Pour ma part, j’avais construit le générateur H.F. DDS vendu en kit par la société Comelec, et qui convient très bien à cette fonction. Mais il n’existe plus actuellement.

On doit pouvoir trouver d’autres dds sur le web.

Il y a d’autres solutions.

Très utilisé, l’oscillateur programmable SIS570

à voir aussi, CY27EE16, ICS307-2

Un multiplicateur de fréquence: ICS501

Une question qui m’a déjà été posée : ( je vous remercie de l’avoir posée ) j’utilise ma carte son pour décoder les modes digitaux, psk, sstv ou autre, comment faire si je l’utilise pour la SDR ?
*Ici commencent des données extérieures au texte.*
(* Let $G=\mathrm{Aut}(\mathbf{K})$ for a Fraïssé structure $\mathbf{K}$ with exhaustion $\bigcup_n\mathbf{A}_n$, and let $M\subseteq S(G)$ be a minimal subflow. Suppose $\alpha,\gamma\in S(G)$ are such that $\phi(\alpha)=\phi(\gamma)$ for every retraction $\phi:S(G)\to M$, and let $S\subseteq H_m$ be minimal. Then $S\in\alpha(m)$ if and only if $S\in\gamma(m)$.
   Context: $\mathbf{K}$ is a countably infinite ultrahomogeneous relational structure; $\mathbf{A}_1\subseteq\mathbf{A}_2\subseteq\cdots$ finite substructures, $|\mathbf{A}_n|=n$, union $\mathbf{K}$; $H_n=\mathrm{Emb}(\mathbf{A}_n,\mathbf{K})$. $S(G)$ is the inverse limit of the spaces $\beta H_n$ of ultrafilters along the continuous extensions of restriction maps $H_n\to H_m$; $\alpha(n)$ is the $n$-th coordinate. Right $G$-action: for $S\subseteq H_m$, $S\in(\alpha g)(m)$ iff $\{x\in H_n:x\circ g|_{\mathbf{A}_m}\in S\}\in\alpha(n)$ for $n$ with $g(\mathbf{A}_m)\subseteq\mathbf{A}_n$; for $f\in H_m$ set $\alpha\cdot f=(\alpha g)(m)$ for any $g\in G$ extending $f$. Semigroup product: $S\in(\alpha\gamma)(m)$ iff $\{f\in H_m:S\in\alpha\cdot f\}\in\gamma(m)$. A minimal subflow is a nonempty closed $G$-invariant set with no proper such subset; a retraction onto $M$ is a continuous $G$-equivariant $\phi:S(G)\to M$ with $\phi|_M=\mathrm{id}$. Identify subsets of $H_m$ with $2^{H_m}$, with right action $(\chi\cdot g)(f)=\chi(g\circ f)$; $S\subseteq H_m$ is minimal if $\overline{\chi_S\cdot G}$ is a minimal $G$-flow. *)

From mathcomp Require Import all_boot.
From Stdlib Require List.

Set Implicit Arguments.
Unset Strict Implicit.
Unset Printing Implicit Defensive.

Definition pset (T : Type) := T -> Prop.

Record Struct := {
  Lang : Type;
  ar : Lang -> nat;
  Rel : forall r : Lang, ('I_(ar r) -> nat) -> Prop
}.

Section Defs.
Variable K : Struct.

Definition is_aut (g : nat -> nat) : Prop :=
  bijective g /\
  forall (r : Lang K) (t : 'I_(ar r) -> nat), Rel t <-> Rel (fun i => g (t i)).

Definition ultrahomogeneous : Prop :=
  forall (k : nat) (a b : 'I_k -> nat),
    injective a -> injective b ->
    (forall (r : Lang K) (t : 'I_(ar r) -> 'I_k),
        Rel (fun i => a (t i)) <-> Rel (fun i => b (t i))) ->
    exists g, is_aut g /\ forall i, g (a i) = b i.

(** The exhaustion: A_n is the substructure on {0,...,n-1}.
    Embeddings A_n -> K. *)
Definition is_emb (n : nat) (f : 'I_n -> nat) : Prop :=
  injective f /\
  forall (r : Lang K) (t : 'I_(ar r) -> 'I_n),
    Rel (fun i => nat_of_ord (t i)) <-> Rel (fun i => f (t i)).
Lemma contains_sigma k (q : 'S_k) n (a : 'S_n) m (b : 'S_m) :
  k <= m -> contains (sigma q a) (sigma q b) = contains a b.
Proof.
move=> hkm; apply/containsP/containsP => -[hmn H]; split=> // i j hi hj.
  have [i' hi' <-] := sigma_pos_onto q hkm hi.
  have [j' hj' <-] := sigma_pos_onto q hkm hj.
  by rewrite -!pval_sigma ?H ?(leq_trans hkm hmn).
by rewrite !pval_sigma ?H ?sigma_pos_lt ?(leq_trans hkm hmn).
Qed.

Lemma pval_tperm_last K i : i < K.+1 ->
  pval (tperm (inord K) (inord K.+1) : 'S_K.+2) i = if i == K then K.+1 else i.
Proof.
move=> hi; have hi2 : i < K.+2 := ltnW hi.
rewrite (pval_ord _ hi2) (_ : Ordinal hi2 = inord i); last by apply: val_inj; rewrite /= inordK.
have [->|iK] := eqVneq i K; first by rewrite tpermL inordK.
by rewrite tpermD ?inordK //; rewrite -(inj_eq val_inj) /= !inordK //; lia.
Qed.

Definition penult_max K (q : 'S_K.+2) : bool :=
  contains q (1 : 'S_K.+1)%g && (pval q K == K.+1).

Lemma penult_max_tperm K : penult_max (tperm (inord K) (inord K.+1) : 'S_K.+2).
Proof.
rewrite /penult_max pval_tperm_last // eqxx /= eqxx andbT.
apply/containsP; split=> // i j hi hj; rewrite !pval_tperm_last // !pval1 //.
by case: eqP => ei; case: eqP => ej; subst => //; lia.
Qed.

Lemma penult_max_pattern n (pi : 'S_n) K (q : 'S_K.+2) :
  contains pi (1 : 'S_K.+1)%g -> pval pi K = n.-1 -> contains pi q -> penult_max q.
Proof.
move=> pi_e' pi_K pi_q; rewrite /penult_max (contains_shorter _ pi_q pi_e') //=.
by rewrite (pattern_max pi_q _ pi_K).
Qed.

Local Open Scope ring_scope.

Lemma eq_div_scale (F : fieldType) (a b x y x' y' : F) :
  a != 0 -> b != 0 -> a * x' = b * x -> a * y' = b * y -> x' / y' = x / y.
Proof.
move=> ha hb hx hy.
by rewrite -[x' / y']mul1r -(divff ha) mulf_div hx hy -mulf_div divff // mul1r.
Qed.

Section Equivariance.
Variables (R : realFieldType) (N : nat) (c : forall m : nat, 'S_m -> nat) (theta : R).
Hypotheses (c_equiv : prefix_equivariant N c) (theta_gt0 : 0 < theta).

Local Notation D := (Dw N c theta).
Local Notation Sw := (Defs.Sw N c theta).
Local Notation Sc := (Defs.Sc N c theta).
Local Notation Sbar_f := (Defs.Sbar_f N c theta).

Lemma weight_ge0 n : 0 <= theta ^+ n.
Proof. exact/exprn_ge0/ltW. Qed.

Lemma weight_neq0 n : theta ^+ n != 0.
Proof. exact/expf_neq0/lt0r_neq0. Qed.

Lemma weight_sigma k (q : 'S_k) (rho : 'S_N) :
  (0 < k)%N -> (k <= N)%N -> incr_prefix k rho ->
  theta ^+ c (1 : 'S_k)%g * theta ^+ c (sigma q rho) = theta ^+ c q * theta ^+ c rho.
Proof.
move=> hk hkN hrho; rewrite -!exprD; congr (_ ^+ _).
have pval_sigma_rho i : pval (sigma q rho) i =
    (if (i < k)%N then pval rho (pval q i) else pval rho i).
  by rewrite pval_sigma // /sigma_pos; case: ifP.
have := c_equiv hk hkN (leqnn N) hrho pval_sigma_rho; lia.
Qed.

Definition Dmax m (p : 'S_m) j : R :=
  \sum_(pi : 'S_N | contains pi p && (pval pi j == N.-1)) theta ^+ c pi.

Lemma Sw_Dmax m (p : 'S_m) : Sw p = Dmax p m.-1 / D p.
Proof. by []. Qed.

Lemma Dw_sigma k (q : 'S_k) m (r : 'S_m) :
  (0 < k)%N -> (k <= m)%N -> (k <= N)%N -> incr_prefix k r ->
  theta ^+ c (1 : 'S_k)%g * D (sigma q r) = theta ^+ c q * D r.
Proof.
move=> hk hkm hkN hr; rewrite /Dw !mulr_sumr (reindex_inj (@sigma_inj k q N)) /=.
apply: eq_big => [pi|pi]; rewrite contains_sigma // => pi_r.
exact/weight_sigma/(incr_prefix_contains hkm pi_r).
Qed.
Si vous utilisez la réception SDR, quand vous lancerez votre programme de décodage (multipsk par exemple) vous allez obtenir un message d’erreur, disant que votre carte son est utilisée par une autre application. Il y a deux remèdes à ce problème.

Soit vous utilisez une carte son externe pour la SDR, il suffit de brancher la sortie casque de la carte extérieure sur l’entrée ligne de la carte intégrée, et c’est celle-ci que vous utiliserez pour votre décodage des modes numériques.

Sinon, vous aurez besoin d’un petit logiciel appelé Virtual Audio Cable. Il crée des liaisons virtuelles entre les différents programmes. La configuration est très simple. Attention ce logiciel est payant (moins de 30 euros) mais vous pouvez télécharger une version d’évaluation. C’est même recommandé, pour voir si ça fonctionne bien chez vous.

Si je ne vous ai pas parlé de la partie émission, c’est que je ne l’ai pas expérimentée. Je ne parle que des choses que je connais. Peut être par la suite…

 Un champ d’expérimentation formidable s’ouvre à nous, c’est la vocation d’un ‘vrai’ radioamateur d’expérimenter.

A vos fers à souder !

Si vous possédez déjà une expérience en SDR, faites la nous partager (plus on est de fous…)

Ne vous y trompez pas , la SDR  est appelée à se développer de plus en plus. C’est même devenu un vrai engouement aux Etats Unis.

Pour approfondir le sujet, je peux vous citer le livre Construire une radio logicielle par DK7DJ, paru chez elektor.

Et pour vous faire une idée de ce que ça donne, vous pouvez essayer le web sdr.